YOUR GOAL: Extract from the entries below, exactly as given, only the lines from the line containing "Definition mi_add (a" to the line containing "Definition mi_below (m", both lines included.

SOURCE RECORDS:
Section DecreasingPotential.
Variables (R : realType) (rho : R -> R).
Hypothesis hrho0 : forall r, 0 < r -> 0 <= rho r.
Hypothesis hdec : forall x y, 0 < x -> x < y -> rho y < rho x.

Lemma rho_gt0 r : 0 < r -> 0 < rho r.
Proof.
move=> r0; apply: (le_lt_trans (@hrho0 (r + 1) _)); first lra.
by apply: hdec => //; lra.
Qed.

Lemma rho_le x y : 0 < x -> x <= y -> rho y <= rho x.
Proof.
move=> x0; rewrite le_eqVlt => /orP[/eqP -> //|xy].
exact/ltW/hdec.
Qed.

End DecreasingPotential.

(* Part 1: the scaled series G(a) = sum_(t in I) rho(a n_t). *)
Section ScaledSeries.
Variables (R : realType) (T : choiceType) (I : set T) (n : T -> R) (rho : R -> R).
Hypothesis hn : forall t, I t -> 0 < n t.
Hypothesis hrho0 : forall r, 0 < r -> 0 <= rho r.
Hypothesis hdec : forall x y, 0 < x -> x < y -> rho y < rho x.
Hypothesis hsum : forall a, 0 < a -> (\esum_(t in I) (rho (a * n t))%:E < +oo)%E.

Local Notation S a := (\esum_(t in I) (rho (a * n t))%:E)%E.
Local Notation tail a s := (\esum_(t in I `&` ~` [set` s]) (rho (a * n t))%:E)%E.
Local Notation G a := (fine (S a)).

Lemma term_ge0 a t : 0 < a -> I t -> (0 <= (rho (a * n t))%:E)%E.
Proof. by move=> a0 It; rewrite lee_fin hrho0 // mulr_gt0 // hn. Qed.
(* Let $R$ be a commutative ring of Krull dimension $0$ which is integral over an Artinian subring $R_0$, and write $\mathcal{F}=\mathcal{F}(R_0,R)=\{R_\alpha\}$. Then for every $\alpha$, the ring $\mathcal{F}\llbracket X_1,\ldots,X_n\rrbracket$ is integral over its subring $R_\alpha\llbracket X_1,\ldots,X_n\rrbracket$.
   Context: All rings are commutative with identity, and subrings share the identity. For a $0$-dimensional ring $R$ and an Artinian subring $R_0\subseteq R$ such that $R$ is integral over $R_0$, let $\mathcal{F}(R_0,R)=\{R_\alpha\}$ denote the family of all subrings of $R$ that are finitely generated as $R_0$-algebras; this family is directed, each $R_\alpha$ is Artinian, and $R=\bigcup_\alpha R_\alpha$. The ring of Artinian power series $\mathcal{F}\llbracket X_1,\ldots,X_n\rrbracket$ is the set of all $f\in R\llbracket X_1,\ldots,X_n\rrbracket$ such that all coefficients of $f$ lie in a single $R_\alpha\in\mathcal{F}$; equivalently, $\mathcal{F}\llbracket X_1,\ldots,X_n\rrbracket=\bigcup_\alpha R_\alpha\llbracket X_1,\ldots,X_n\rrbracket$, which is a subring of $R\llbracket X_1,\ldots,X_n\rrbracket$. *)

From HB Require Import structures.
From mathcomp Require Import all_boot all_order all_algebra.
Set Implicit Arguments. Unset Strict Implicit. Unset Printing Implicit Defensive.
Import Order.TTheory GRing.Theory Num.Theory.
Local Open Scope ring_scope.

Section RingNotions.
Variable R : comNzRingType.

Definition is_subring (S : R -> Prop) : Prop :=
  S 1 /\ (forall x y, S x -> S y -> S (x - y)) /\ (forall x y, S x -> S y -> S (x * y)).

Definition ideal_of (S : R -> Prop) (I : R -> Prop) : Prop :=
  (forall x, I x -> S x) /\ I 0 /\ (forall x y, I x -> I y -> I (x + y)) /\
  (forall r x, S r -> I x -> I (r * x)).

Definition artinian (S : R -> Prop) : Prop :=
  forall I : nat -> R -> Prop,
    (forall k, ideal_of S (I k)) ->
    (forall k x, I k.+1 x -> I k x) ->
    exists N, forall k, (N <= k)%N -> forall x, I k x <-> I N x.

Definition prime_ideal (P : R -> Prop) : Prop :=
  ideal_of (fun _ => True) P /\ ~ P 1 /\ (forall x y, P (x * y) -> P x \/ P y).

Definition krull_dim0 : Prop :=
  (exists P, prime_ideal P) /\
  (forall P Q, prime_ideal P -> prime_ideal Q ->
     (forall x, P x -> Q x) -> forall x, Q x -> P x).

Definition integral_over (S A : R -> Prop) : Prop :=
  forall x, A x -> exists p : {poly R},
    p \is monic /\ (forall i, S p`_i) /\ root p x.

Definition gen_alg (R0 : R -> Prop) (s : seq R) (x : R) : Prop :=
  forall T, is_subring T -> (forall y, R0 y -> T y) ->
    (forall y, y \in s -> T y) -> T x.

(* Membership in the family F(R0,R): subrings of R that are finitely
   generated R0-algebras. *)
Definition in_family (R0 : R -> Prop) (A : R -> Prop) : Prop :=
  exists s : seq R, forall x, A x <-> gen_alg R0 s x.

(* Formal power series in n variables X_1..X_n over R:
   functions from multi-indices ('I_n -> nat) to R. *)
Definition multi_index (n : nat) := {ffun 'I_n -> nat}.
Definition series (n : nat) := multi_index n -> R.

Definition sone (n : nat) : series n :=
  fun m => if m == [ffun _ => 0%N] then 1 else 0.

(* Cauchy product: (f g)_m = sum_{a <= m} f_a g_{m-a}; multi-indices a <= m
   are enumerated as functions 'I_n -> 'I_(max_i m_i + 1) bounded by m. *)
Definition smul (n : nat) (f g : series n) : series n :=
  fun m => \sum_(a : {ffun 'I_n -> 'I_(\max_(i < n) m i).+1}
                 | [forall i, (a i <= m i)%N])
             f [ffun i => nat_of_ord (a i)] * g [ffun i => (m i - a i)%N].

Definition sexp (n : nat) (f : series n) (k : nat) : series n :=
  iter k (smul f) (@sone n).

Definition ps_over (n : nat) (A : R -> Prop) (f : series n) : Prop :=
  forall m, A (f m).

Definition artinian_ps (R0 : R -> Prop) (n : nat) (f : series n) : Prop :=
  exists A, in_family R0 A /\ ps_over A f.

Definition ps_integral_over (n : nat) (Q P : series n -> Prop) : Prop :=
  forall f, P f -> exists (d : nat) (c : nat -> series n),
    (forall i, (i < d)%N -> Q (c i)) /\
    (forall m, sexp f d m + \sum_(i < d) smul (c i) (sexp f i) m = 0).

End RingNotions.

From HB Require Import structures.
From mathcomp Require Import all_boot all_order all_algebra.
From mathcomp Require Import zify.
From mathcomp Require boolp.
Set Implicit Arguments. Unset Strict Implicit. Unset Printing Implicit Defensive.
Import GRing.Theory.
Local Open Scope ring_scope.

(* The coefficients of an Artinian series f lie in some R0-algebra generated by
   finitely many elements, each integral over R0; such an algebra lies in the
   R0-span of a finite family b.  Hence f = \sum_i g_i * b_i with g_i in
   R0[[X]] and the constants b_i integral over R0, so f is integral over R0[[X]]
   because integral elements form a subring; and R0[[X]] is contained in every
   R_alpha[[X]]. *)

(* [lia] does not see applications of finite functions as atoms. *)
Ltac mi_lia := repeat match goal with |- context [@fun_of_fin _ _ _ ?f ?i] =>
  let a := fresh "a" in set a := @fun_of_fin _ _ _ f i end; lia.

Section MultiIndex.
Variable n : nat.
Notation mi := (multi_index n).

Definition mi_le (a m : mi) := [forall i, (a i <= m i)%N].
Definition mi_sub (m a : mi) : mi := [ffun i => (m i - a i)%N].
Definition mi_add (a b : mi) : mi := [ffun i => (a i + b i)%N].
Definition mi0 : mi := [ffun _ => 0%N].

Definition mi_box K : seq mi :=
  map (fun a : {ffun 'I_n -> 'I_K} => [ffun i => nat_of_ord (a i)])
      (index_enum {ffun 'I_n -> 'I_K}).
Definition mi_below (m : mi) : seq mi :=
  [seq a <- mi_box (\max_(i < n) m i).+1 | mi_le a m].

Lemma mi_leP (a m : mi) : reflect (forall i, a i <= m i)%N (mi_le a m).
Proof. exact: forallP. Qed.

Lemma mi0_le (m : mi) : mi_le mi0 m.
Proof. by apply/mi_leP => i; rewrite ffunE. Qed.

Lemma mi_sub_le (m a : mi) : mi_le (mi_sub m a) m.
Proof. by apply/mi_leP => i; rewrite ffunE leq_subr. Qed.

Lemma mi_subK (m a : mi) : mi_le a m -> mi_sub m (mi_sub m a) = a.
Proof. by move/mi_leP=> le_am; apply/ffunP => i; rewrite !ffunE subKn. Qed.

Lemma mi_sub0 (m : mi) : mi_sub m mi0 = m.
Proof. by apply/ffunP => i; rewrite !ffunE subn0. Qed.

Lemma uniq_mi_below m : uniq (mi_below m).
Proof.
rewrite filter_uniq // map_inj_uniq ?index_enum_uniq // => a b /ffunP eq_ab.
by apply/ffunP => i; apply/val_inj; have := eq_ab i; rewrite !ffunE.
Qed.

Lemma mem_mi_below (m a : mi) : (a \in mi_below m) = mi_le a m.
Proof.
rewrite mem_filter; case le_am: (mi_le a m) => //=.
have lt_a i : (a i < (\max_(j < n) m j).+1)%N.
  by rewrite ltnS (leq_trans (mi_leP _ _ le_am i)) // (leq_bigmax i).
apply/mapP; exists [ffun i => Ordinal (lt_a i)]; first by rewrite mem_index_enum.
by apply/ffunP => i; rewrite !ffunE.
Qed.

Lemma perm_mi_below (m : mi) (s : seq mi) :
  uniq s -> (forall a, (a \in s) = mi_le a m) -> perm_eq s (mi_below m).
Proof.
by move=> us s_m; apply: uniq_perm => [||a]; rewrite ?uniq_mi_below // mem_mi_below.
Qed.

Lemma perm_mi_below_sub (m : mi) : perm_eq (map (mi_sub m) (mi_below m)) (mi_below m).
Proof.
apply: perm_mi_below => [|a].
  rewrite map_inj_in_uniq ?uniq_mi_below // => a b; rewrite !mem_mi_below.
  by move=> le_am le_bm eq_ab; rewrite -(mi_subK le_am) eq_ab mi_subK.
apply/mapP/idP => [[b _ ->]|le_am]; first exact: mi_sub_le.
by exists (mi_sub m a); rewrite ?mem_mi_below ?mi_sub_le ?mi_subK.
Qed.

Lemma perm_mi_below_add (m b : mi) : mi_le b m ->
  perm_eq (map (mi_add b) (mi_below (mi_sub m b))) [seq a <- mi_below m | mi_le b a].
Proof.
move/mi_leP=> le_bm; apply: uniq_perm.
- rewrite map_inj_uniq ?uniq_mi_below // => a c /ffunP eq_ac; apply/ffunP => i.
  by have := eq_ac i; rewrite !ffunE; mi_lia.
- by rewrite filter_uniq ?uniq_mi_below.
move=> a; rewrite mem_filter mem_mi_below; apply/mapP/andP => [[c]|[/mi_leP le_ba /mi_leP le_am]].
  rewrite mem_mi_below => /mi_leP le_c ->.
  by split; apply/mi_leP => i; rewrite ffunE; have := le_c i; have := le_bm i; rewrite ffunE; mi_lia.
exists (mi_sub a b).
  by rewrite mem_mi_below; apply/mi_leP => i; rewrite !ffunE; have := le_am i; mi_lia.
by apply/ffunP => i; rewrite !ffunE; have := le_ba i; mi_lia.
Qed.

Lemma exchange_mi_below (R : nmodType) (m : mi) (F : mi -> mi -> R) :
  \sum_(a <- mi_below m) \sum_(b <- mi_below a) F a b =
  \sum_(b <- mi_below m) \sum_(c <- mi_below (mi_sub m b)) F (mi_add b c) b.
Proof.
transitivity (\sum_(a <- mi_below m) \sum_(b <- mi_below m | mi_le b a) F a b).
  apply: eq_big_seq => a; rewrite mem_mi_below => /mi_leP le_am.
  rewrite -[RHS]big_filter; apply: perm_big; rewrite perm_sym.
  apply: perm_mi_below => [|b].
    by rewrite filter_uniq ?uniq_mi_below.
  rewrite mem_filter mem_mi_below; case: (mi_leP b a) => //= le_ba.
  by apply/mi_leP => i; apply: leq_trans (le_ba i) (le_am i).
rewrite (exchange_big_dep xpredT) //=; apply: eq_big_seq => b.
rewrite mem_mi_below => le_bm.
by rewrite -big_filter -(perm_big _ (perm_mi_below_add le_bm)) big_map.
Qed.
End MultiIndex.

Definition powser (R : comNzRingType) (n : nat) := series R n.

Section SeriesProduct.
Variables (R : comNzRingType) (n : nat).
Implicit Types f g h : series R n.

Lemma smulE f g m :
  smul f g m = \sum_(a <- mi_below m) f a * g (mi_sub m a).
Proof.
rewrite /smul /mi_below /mi_box big_filter big_map; apply: eq_big => [a|a _].
  by apply: eq_forallb => i; rewrite ffunE.
by congr (_ * g _); apply/ffunP => i; rewrite !ffunE.
Qed.

Lemma smulC f g m : smul f g m = smul g f m.
Proof.
rewrite !smulE -(perm_big _ (perm_mi_below_sub m)) big_map.
by apply: eq_big_seq => a; rewrite mem_mi_below => le_am; rewrite mi_subK // mulrC.
Qed.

EXPECTED ANSWER:
Definition mi_add (a b : mi) : mi := [ffun i => (a i + b i)%N].
Definition mi0 : mi := [ffun _ => 0%N].

Definition mi_box K : seq mi :=
  map (fun a : {ffun 'I_n -> 'I_K} => [ffun i => nat_of_ord (a i)])
      (index_enum {ffun 'I_n -> 'I_K}).
Definition mi_below (m : mi) : seq mi :=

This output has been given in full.